Activity.
When the line containing "(* The projection" appears in the entries below, begin printing there and stop after the line containing "irreflexive boolean adjacency"; print each of those lines exactly and no other line.

Input material.
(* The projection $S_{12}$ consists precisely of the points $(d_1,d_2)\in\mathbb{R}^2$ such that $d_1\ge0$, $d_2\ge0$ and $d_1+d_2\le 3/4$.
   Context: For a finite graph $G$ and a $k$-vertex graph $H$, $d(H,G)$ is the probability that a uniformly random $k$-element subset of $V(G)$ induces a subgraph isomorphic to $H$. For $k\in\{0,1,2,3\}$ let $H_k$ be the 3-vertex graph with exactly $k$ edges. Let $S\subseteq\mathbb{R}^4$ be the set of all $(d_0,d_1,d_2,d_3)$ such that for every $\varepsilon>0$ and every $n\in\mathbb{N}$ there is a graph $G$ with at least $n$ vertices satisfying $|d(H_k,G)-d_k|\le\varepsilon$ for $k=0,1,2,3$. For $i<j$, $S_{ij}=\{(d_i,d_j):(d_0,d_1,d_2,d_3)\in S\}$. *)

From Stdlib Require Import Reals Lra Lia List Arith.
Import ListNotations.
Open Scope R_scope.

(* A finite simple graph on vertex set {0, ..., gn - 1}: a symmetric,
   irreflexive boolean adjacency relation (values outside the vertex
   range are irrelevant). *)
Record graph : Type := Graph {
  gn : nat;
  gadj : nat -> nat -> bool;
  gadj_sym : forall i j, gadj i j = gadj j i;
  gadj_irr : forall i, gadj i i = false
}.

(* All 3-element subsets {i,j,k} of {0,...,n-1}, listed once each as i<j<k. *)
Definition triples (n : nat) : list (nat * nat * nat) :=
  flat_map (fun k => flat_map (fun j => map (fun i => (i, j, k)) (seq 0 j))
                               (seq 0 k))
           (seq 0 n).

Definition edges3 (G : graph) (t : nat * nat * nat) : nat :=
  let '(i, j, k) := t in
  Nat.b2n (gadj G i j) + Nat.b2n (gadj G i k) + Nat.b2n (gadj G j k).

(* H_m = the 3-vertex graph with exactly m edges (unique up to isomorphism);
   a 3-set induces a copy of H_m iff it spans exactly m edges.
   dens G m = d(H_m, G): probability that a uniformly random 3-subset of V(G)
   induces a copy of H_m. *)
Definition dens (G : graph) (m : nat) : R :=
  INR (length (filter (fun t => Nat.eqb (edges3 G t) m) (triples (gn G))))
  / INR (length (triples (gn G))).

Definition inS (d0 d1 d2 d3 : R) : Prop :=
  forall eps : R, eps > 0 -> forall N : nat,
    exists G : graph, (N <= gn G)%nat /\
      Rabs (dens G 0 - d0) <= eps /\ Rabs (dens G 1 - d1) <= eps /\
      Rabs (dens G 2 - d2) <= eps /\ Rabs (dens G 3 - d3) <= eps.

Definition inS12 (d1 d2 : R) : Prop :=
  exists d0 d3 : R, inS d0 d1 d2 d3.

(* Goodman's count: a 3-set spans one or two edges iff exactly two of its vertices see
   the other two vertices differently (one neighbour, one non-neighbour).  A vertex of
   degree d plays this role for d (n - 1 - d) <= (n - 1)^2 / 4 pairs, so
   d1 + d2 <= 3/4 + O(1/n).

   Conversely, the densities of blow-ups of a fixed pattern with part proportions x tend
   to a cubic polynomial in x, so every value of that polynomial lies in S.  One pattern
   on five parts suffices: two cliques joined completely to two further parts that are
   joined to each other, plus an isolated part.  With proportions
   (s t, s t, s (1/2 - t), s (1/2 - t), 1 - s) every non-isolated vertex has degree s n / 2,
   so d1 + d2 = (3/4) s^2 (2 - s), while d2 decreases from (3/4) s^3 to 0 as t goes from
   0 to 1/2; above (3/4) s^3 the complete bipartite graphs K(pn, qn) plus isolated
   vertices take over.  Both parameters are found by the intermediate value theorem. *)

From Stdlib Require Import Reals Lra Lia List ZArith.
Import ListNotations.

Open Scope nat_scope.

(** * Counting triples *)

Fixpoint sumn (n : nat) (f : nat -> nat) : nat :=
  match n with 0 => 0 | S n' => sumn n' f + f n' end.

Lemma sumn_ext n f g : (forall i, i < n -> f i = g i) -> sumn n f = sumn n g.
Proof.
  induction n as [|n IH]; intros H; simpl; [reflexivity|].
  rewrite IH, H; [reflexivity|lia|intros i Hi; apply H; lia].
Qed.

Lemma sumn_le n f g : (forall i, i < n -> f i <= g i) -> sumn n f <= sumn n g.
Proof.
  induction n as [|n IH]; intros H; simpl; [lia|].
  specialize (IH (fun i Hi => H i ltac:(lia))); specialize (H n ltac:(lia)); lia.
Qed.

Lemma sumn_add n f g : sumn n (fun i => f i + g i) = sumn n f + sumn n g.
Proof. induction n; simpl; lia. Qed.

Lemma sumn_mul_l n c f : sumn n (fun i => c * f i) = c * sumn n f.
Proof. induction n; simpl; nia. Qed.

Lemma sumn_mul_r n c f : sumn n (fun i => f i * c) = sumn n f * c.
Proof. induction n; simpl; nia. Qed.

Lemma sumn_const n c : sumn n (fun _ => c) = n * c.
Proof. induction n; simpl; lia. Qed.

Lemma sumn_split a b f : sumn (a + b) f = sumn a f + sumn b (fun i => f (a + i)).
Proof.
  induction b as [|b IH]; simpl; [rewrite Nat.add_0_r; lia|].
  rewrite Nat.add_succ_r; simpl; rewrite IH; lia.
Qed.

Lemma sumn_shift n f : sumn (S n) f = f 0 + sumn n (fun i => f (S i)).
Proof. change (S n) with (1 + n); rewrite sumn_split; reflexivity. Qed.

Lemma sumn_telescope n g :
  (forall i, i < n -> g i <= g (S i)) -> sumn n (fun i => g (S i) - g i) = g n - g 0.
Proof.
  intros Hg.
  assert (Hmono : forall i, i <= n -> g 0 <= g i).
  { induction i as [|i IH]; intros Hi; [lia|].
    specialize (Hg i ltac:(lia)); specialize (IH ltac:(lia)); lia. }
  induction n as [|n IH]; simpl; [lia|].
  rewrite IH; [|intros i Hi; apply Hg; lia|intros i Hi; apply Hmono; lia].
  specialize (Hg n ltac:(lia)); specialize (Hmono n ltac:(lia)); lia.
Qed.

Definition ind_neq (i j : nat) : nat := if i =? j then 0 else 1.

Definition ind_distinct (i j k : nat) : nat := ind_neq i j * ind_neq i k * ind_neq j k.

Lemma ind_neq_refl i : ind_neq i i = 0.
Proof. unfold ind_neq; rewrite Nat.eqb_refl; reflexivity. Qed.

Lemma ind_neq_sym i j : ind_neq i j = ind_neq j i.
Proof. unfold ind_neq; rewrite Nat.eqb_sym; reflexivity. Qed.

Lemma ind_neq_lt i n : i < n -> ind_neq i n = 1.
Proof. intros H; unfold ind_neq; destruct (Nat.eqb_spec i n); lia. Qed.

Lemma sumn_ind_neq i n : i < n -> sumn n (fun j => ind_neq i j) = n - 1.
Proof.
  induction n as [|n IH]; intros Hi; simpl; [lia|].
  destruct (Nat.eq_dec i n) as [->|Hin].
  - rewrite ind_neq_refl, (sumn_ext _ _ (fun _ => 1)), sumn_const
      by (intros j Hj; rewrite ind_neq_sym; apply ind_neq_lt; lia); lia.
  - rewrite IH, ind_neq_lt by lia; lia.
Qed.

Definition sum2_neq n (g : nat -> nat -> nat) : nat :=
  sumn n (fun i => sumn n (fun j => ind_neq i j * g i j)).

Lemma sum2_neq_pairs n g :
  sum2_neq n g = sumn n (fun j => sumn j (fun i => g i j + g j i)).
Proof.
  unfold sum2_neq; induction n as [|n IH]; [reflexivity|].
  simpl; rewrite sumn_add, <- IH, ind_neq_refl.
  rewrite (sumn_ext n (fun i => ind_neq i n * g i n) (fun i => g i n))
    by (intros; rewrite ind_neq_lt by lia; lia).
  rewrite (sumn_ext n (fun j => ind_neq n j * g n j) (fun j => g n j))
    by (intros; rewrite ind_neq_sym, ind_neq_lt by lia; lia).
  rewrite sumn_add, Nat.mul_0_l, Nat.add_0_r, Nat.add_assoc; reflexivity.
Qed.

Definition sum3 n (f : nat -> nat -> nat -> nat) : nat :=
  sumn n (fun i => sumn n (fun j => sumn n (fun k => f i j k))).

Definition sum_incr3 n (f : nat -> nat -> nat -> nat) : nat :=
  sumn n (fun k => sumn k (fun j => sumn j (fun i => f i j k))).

==

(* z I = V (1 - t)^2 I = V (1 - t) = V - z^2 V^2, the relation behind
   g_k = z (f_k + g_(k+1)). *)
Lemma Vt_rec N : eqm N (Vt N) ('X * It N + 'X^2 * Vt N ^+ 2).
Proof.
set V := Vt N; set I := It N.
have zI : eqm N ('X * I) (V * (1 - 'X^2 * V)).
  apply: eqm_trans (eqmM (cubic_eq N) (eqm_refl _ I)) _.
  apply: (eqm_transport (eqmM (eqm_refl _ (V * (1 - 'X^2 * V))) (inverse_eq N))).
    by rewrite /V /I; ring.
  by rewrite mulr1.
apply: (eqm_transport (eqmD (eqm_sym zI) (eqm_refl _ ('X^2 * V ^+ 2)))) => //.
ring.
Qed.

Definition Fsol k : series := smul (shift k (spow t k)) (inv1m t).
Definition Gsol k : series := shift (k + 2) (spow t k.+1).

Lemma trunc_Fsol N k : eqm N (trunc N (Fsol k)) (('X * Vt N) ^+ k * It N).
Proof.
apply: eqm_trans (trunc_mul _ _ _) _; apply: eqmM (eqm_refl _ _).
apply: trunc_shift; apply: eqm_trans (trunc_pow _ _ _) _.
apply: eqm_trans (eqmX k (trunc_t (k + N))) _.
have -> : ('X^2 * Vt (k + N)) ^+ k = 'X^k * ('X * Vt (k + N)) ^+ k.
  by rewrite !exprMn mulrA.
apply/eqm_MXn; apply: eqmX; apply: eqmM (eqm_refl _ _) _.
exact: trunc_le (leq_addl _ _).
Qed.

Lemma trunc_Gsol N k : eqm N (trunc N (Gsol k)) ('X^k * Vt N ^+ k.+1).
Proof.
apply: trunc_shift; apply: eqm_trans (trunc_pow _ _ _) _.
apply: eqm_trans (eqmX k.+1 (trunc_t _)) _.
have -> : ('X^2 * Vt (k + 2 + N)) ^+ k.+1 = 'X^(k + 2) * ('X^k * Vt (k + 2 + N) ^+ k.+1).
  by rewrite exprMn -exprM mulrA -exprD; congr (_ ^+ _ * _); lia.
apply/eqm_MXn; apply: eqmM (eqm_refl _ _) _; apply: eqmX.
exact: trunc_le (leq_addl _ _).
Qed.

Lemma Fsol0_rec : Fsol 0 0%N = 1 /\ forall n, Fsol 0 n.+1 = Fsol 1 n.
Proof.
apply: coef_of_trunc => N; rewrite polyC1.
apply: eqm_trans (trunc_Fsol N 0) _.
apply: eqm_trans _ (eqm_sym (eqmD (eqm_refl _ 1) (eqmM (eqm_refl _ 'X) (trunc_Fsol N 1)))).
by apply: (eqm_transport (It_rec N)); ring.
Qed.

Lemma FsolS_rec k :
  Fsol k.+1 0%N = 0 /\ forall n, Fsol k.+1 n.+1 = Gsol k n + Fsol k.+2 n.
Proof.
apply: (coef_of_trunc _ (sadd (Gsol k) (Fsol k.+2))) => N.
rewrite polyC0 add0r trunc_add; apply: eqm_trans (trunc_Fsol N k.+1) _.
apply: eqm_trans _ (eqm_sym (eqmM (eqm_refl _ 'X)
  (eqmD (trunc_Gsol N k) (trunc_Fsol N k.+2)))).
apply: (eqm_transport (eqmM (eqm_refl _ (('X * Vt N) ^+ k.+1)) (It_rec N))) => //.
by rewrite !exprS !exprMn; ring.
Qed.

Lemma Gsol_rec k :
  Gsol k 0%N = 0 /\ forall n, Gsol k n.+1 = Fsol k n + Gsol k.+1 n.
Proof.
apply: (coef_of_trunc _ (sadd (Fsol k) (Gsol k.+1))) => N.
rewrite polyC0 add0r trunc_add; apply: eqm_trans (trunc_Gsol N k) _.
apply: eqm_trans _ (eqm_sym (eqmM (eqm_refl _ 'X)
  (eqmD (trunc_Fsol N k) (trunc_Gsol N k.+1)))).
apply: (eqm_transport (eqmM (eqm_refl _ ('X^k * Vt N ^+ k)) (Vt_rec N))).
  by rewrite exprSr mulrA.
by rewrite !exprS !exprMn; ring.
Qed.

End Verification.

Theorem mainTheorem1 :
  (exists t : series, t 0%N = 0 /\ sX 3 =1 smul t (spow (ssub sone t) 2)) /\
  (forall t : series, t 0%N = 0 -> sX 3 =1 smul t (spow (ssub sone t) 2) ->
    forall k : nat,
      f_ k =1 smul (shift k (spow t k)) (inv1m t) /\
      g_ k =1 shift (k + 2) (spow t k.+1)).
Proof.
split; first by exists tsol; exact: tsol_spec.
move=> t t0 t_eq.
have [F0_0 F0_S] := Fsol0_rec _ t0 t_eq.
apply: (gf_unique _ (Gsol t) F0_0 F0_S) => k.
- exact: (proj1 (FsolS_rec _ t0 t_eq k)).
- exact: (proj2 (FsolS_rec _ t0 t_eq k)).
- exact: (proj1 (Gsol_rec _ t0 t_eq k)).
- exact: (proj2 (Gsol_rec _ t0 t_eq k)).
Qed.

Written solution.
(* The projection $S_{12}$ consists precisely of the points $(d_1,d_2)\in\mathbb{R}^2$ such that $d_1\ge0$, $d_2\ge0$ and $d_1+d_2\le 3/4$.
   Context: For a finite graph $G$ and a $k$-vertex graph $H$, $d(H,G)$ is the probability that a uniformly random $k$-element subset of $V(G)$ induces a subgraph isomorphic to $H$. For $k\in\{0,1,2,3\}$ let $H_k$ be the 3-vertex graph with exactly $k$ edges. Let $S\subseteq\mathbb{R}^4$ be the set of all $(d_0,d_1,d_2,d_3)$ such that for every $\varepsilon>0$ and every $n\in\mathbb{N}$ there is a graph $G$ with at least $n$ vertices satisfying $|d(H_k,G)-d_k|\le\varepsilon$ for $k=0,1,2,3$. For $i<j$, $S_{ij}=\{(d_i,d_j):(d_0,d_1,d_2,d_3)\in S\}$. *)

From Stdlib Require Import Reals Lra Lia List Arith.
Import ListNotations.
Open Scope R_scope.

(* A finite simple graph on vertex set {0, ..., gn - 1}: a symmetric,
   irreflexive boolean adjacency relation (values outside the vertex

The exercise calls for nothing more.